YOUR TASK:
Return the number of lines below that contain "pose"; nothing else belongs in the reply.
^^^^^^^^^^^^^^^^
Unset Implicit Arguments.
Theorem lemma4
  (R : realType) (D H J : nat) (HJ : (H <= J)%N) (H0 : (0 < H)%N)
  (* undirected connected graph on the J agents; honest agents are 0..H-1 *)
  (N : 'I_J -> {set 'I_J})
  (Nsym : forall i j, (j \in N i) = (i \in N j))
  (Nirr : forall i, i \notin N i)
  (Nconn : forall i j, connect (fun a b => b \in N a) i j)
  (Hconn : forall i j : 'I_H,
      connect (fun a b : 'I_H => widen_ord HJ b \in N (widen_ord HJ a)) i j)
  (* local objectives and constraint sets of honest agents *)
  (uf Lf : R) (f : 'I_H -> 'rV[R]_D -> R) (C : 'I_H -> set 'rV[R]_D)
  (s : 'rV[R]_D)
  (fconv : forall i, strongly_convex uf (f i))
  (fsmooth : forall i, L_smooth Lf (f i))
  (Cne : forall i, C i !=set0) (Ccpt : forall i, compact (C i))
  (Ccvx : forall i, convex_set (C i))
  (* argmin_{theta in C_i} { lam^T theta + f_i theta } *)
  (amin : 'I_H -> 'rV[R]_D -> 'rV[R]_D)
  (aminP : forall i lam, is_argmin (C i) (f i) lam (amin i lam))
  (* delta^2 bounds the heterogeneity of the dual gradients
     grad g_i(lam) = (1/H) s - (1/H) amin i lam *)
  (delta : R)
  (hdelta : forall (lam : 'rV[R]_D) (i : 'I_H),
      let gg := fun j => (H%:R)^-1 *: s - (H%:R)^-1 *: amin j lam in
      vnorm (gg i - (H%:R)^-1 *: \sum_(j < H) gg j) ^+ 2 <= delta ^+ 2)
  (* aggregation rules with contraction constant rho and virtual weights E *)
  (AGG : 'I_H -> 'rV[R]_D -> ('I_J -> 'rV[R]_D) -> 'rV[R]_D)
  (rho : R) (E : 'M[R]_H)
  (rho_ge0 : 0 <= rho)
  (Epos : forall i j : 'I_H,
      (widen_ord HJ j \in N (widen_ord HJ i)) || (j == i) ->
      0 < E i j /\ E i j <= 1)
  (Ezero : forall i j : 'I_H,
      ~~ ((widen_ord HJ j \in N (widen_ord HJ i)) || (j == i)) -> E i j = 0)
  (Erow : forall i, \sum_(j < H) E i j = 1)
  (contr : forall (i : 'I_H) (lam : 'I_H -> 'rV[R]_D) (b : 'I_J -> 'rV[R]_D),
      vnorm (AGG i (lam i) (checked lam b) - wavg E i lam) <=
      rho * \big[Num.max/0]_(j < H |
                 (widen_ord HJ j \in N (widen_ord HJ i)) || (j == i))
               vnorm (lam j - wavg E i lam))
  (* constants *)
  (kappa eps : R)
  (kappa_def : kappa = spec_norm (E - (H%:R)^-1 *: (const_mx 1 *m E)) ^+ 2)
  (kappa_lt1 : kappa < 1)
  (rho_small : rho < (1 - kappa) / (8 * Num.sqrt (H%:R)))
  (eps_def : eps = 1 - kappa - 8 * rho * Num.sqrt (H%:R))
  (eps_pos : 0 < eps) (eps_lt1 : eps < 1)
  (* step sizes *)
  (gamma : nat -> R)
  (step1 : forall k, 18 * gamma k ^+ 2 / (eps * uf ^+ 2 * (J%:R) ^+ 2)
                     <= (2 - eps) * eps ^+ 2 / (3 * (3 - eps)))
  (step2 : forall k, 1 <= gamma k ^+ 2 / gamma k.+1 ^+ 2 /\
                     gamma k ^+ 2 / gamma k.+1 ^+ 2 <= 2 / (1 + (1 - eps ^+ 2)))
  (* the algorithm, with arbitrary Byzantine messages byz k i j sent by
     Byzantine agent j to honest agent i at iteration k *)
  (lam0 : 'rV[R]_D) (lam : nat -> 'I_H -> 'rV[R]_D)
  (byz : nat -> 'I_H -> 'I_J -> 'rV[R]_D)
  (init : forall i, lam 0%N i = lam0)
  (update : forall k i,
      let lamh := fun j => lam k j - gamma k *:
                    ((J%:R)^-1 *: s - (J%:R)^-1 *: amin j (lam k j)) in
      lam k.+1 i = AGG i (lamh i) (checked lamh (byz k i))) :
  forall k : nat,
    frob2 (dev (stack (lam k.+1))) <=
    18 * gamma k.+1 ^+ 2 * delta ^+ 2 * (H%:R) ^+ 3 / (eps ^+ 3 * (J%:R) ^+ 2).
Proof.
have J0 : (0 < J)%N := leq_trans H0 HJ.
have E_ge0 i j : 0 <= E i j.
  by have [/Epos[/ltW]|/Ezero->] := boolP ((widen_ord HJ j \in N (widen_ord HJ i)) || (j == i)).
set P := delta ^+ 2 * (H%:R) ^+ 3 / (J%:R) ^+ 2.
have P0 : 0 <= P.
  by apply: mulr_ge0; [apply: mulr_ge0 | rewrite invr_ge0]; rewrite ?sqr_ge0 // exprn_ge0 ?ler0n.
suff bound n : dispersion (lam n) <= 18 * gamma n ^+ 2 * P / eps ^+ 3.
  move=> k; rewrite frob2_dev_stack (le_trans (bound k.+1)) // le_eqVlt; apply/orP; left.
  by apply/eqP; rewrite /P; field; rewrite lt0r_neq0 ?ltr0n // lt0r_neq0.
elim: n => [|n IH].
  rewrite (dispersion_const H0 init) divr_ge0 ?(ltW (exprn_gt0 3 eps_pos)) //.
  by rewrite mulr_ge0 // mulr_ge0 ?sqr_ge0.
pose grad j := (J%:R)^-1 *: s - (J%:R)^-1 *: amin j (lam n j).
pose lamh j := lam n j - gamma n *: grad j.
have agg : dispersion (lam n.+1) <= (1 - eps) * dispersion lamh.
  have -> : 1 - eps = kappa + 8 * rho * Num.sqrt H%:R by rewrite eps_def; ring.
  rewrite kappa_def; apply: (dispersion_aggregate_le H0 E_ge0 Erow rho_ge0).
    by rewrite -kappa_def; lra.
  move=> i; have step : lam n.+1 i = AGG i (lamh i) (checked lamh (byz n i)) := update n i.
  by rewrite step; apply: contr.
have local := dispersion_sub_scale_le (lam n) grad (gamma n) (divr_gt0 eps_pos (ltr0n _ 2)).
have grad_disp := dispersion_dual_grad_le H0 J0 fconv Ccvx aminP hdelta (lam n).
apply: (dispersion_bound_step eps_pos eps_lt1 (sqr_ge0 _) _ P0 (dispersion_ge0 _)
  (step_size_small eps_pos eps_lt1 (step1 n))
  (step_size_ratio_le eps_pos eps_lt1 (sqr_ge0 _) (step2 n).1 (step2 n).2) IH grad_disp).
  by rewrite invr_ge0 mulr_ge0 ?sqr_ge0.
rewrite -[2 / eps]invf_div; apply: le_trans agg (ler_wpM2l _ local); lra.
Qed.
^^^^^^^^^^^^^^^^
ANSWER TO THE PROBLEM:
2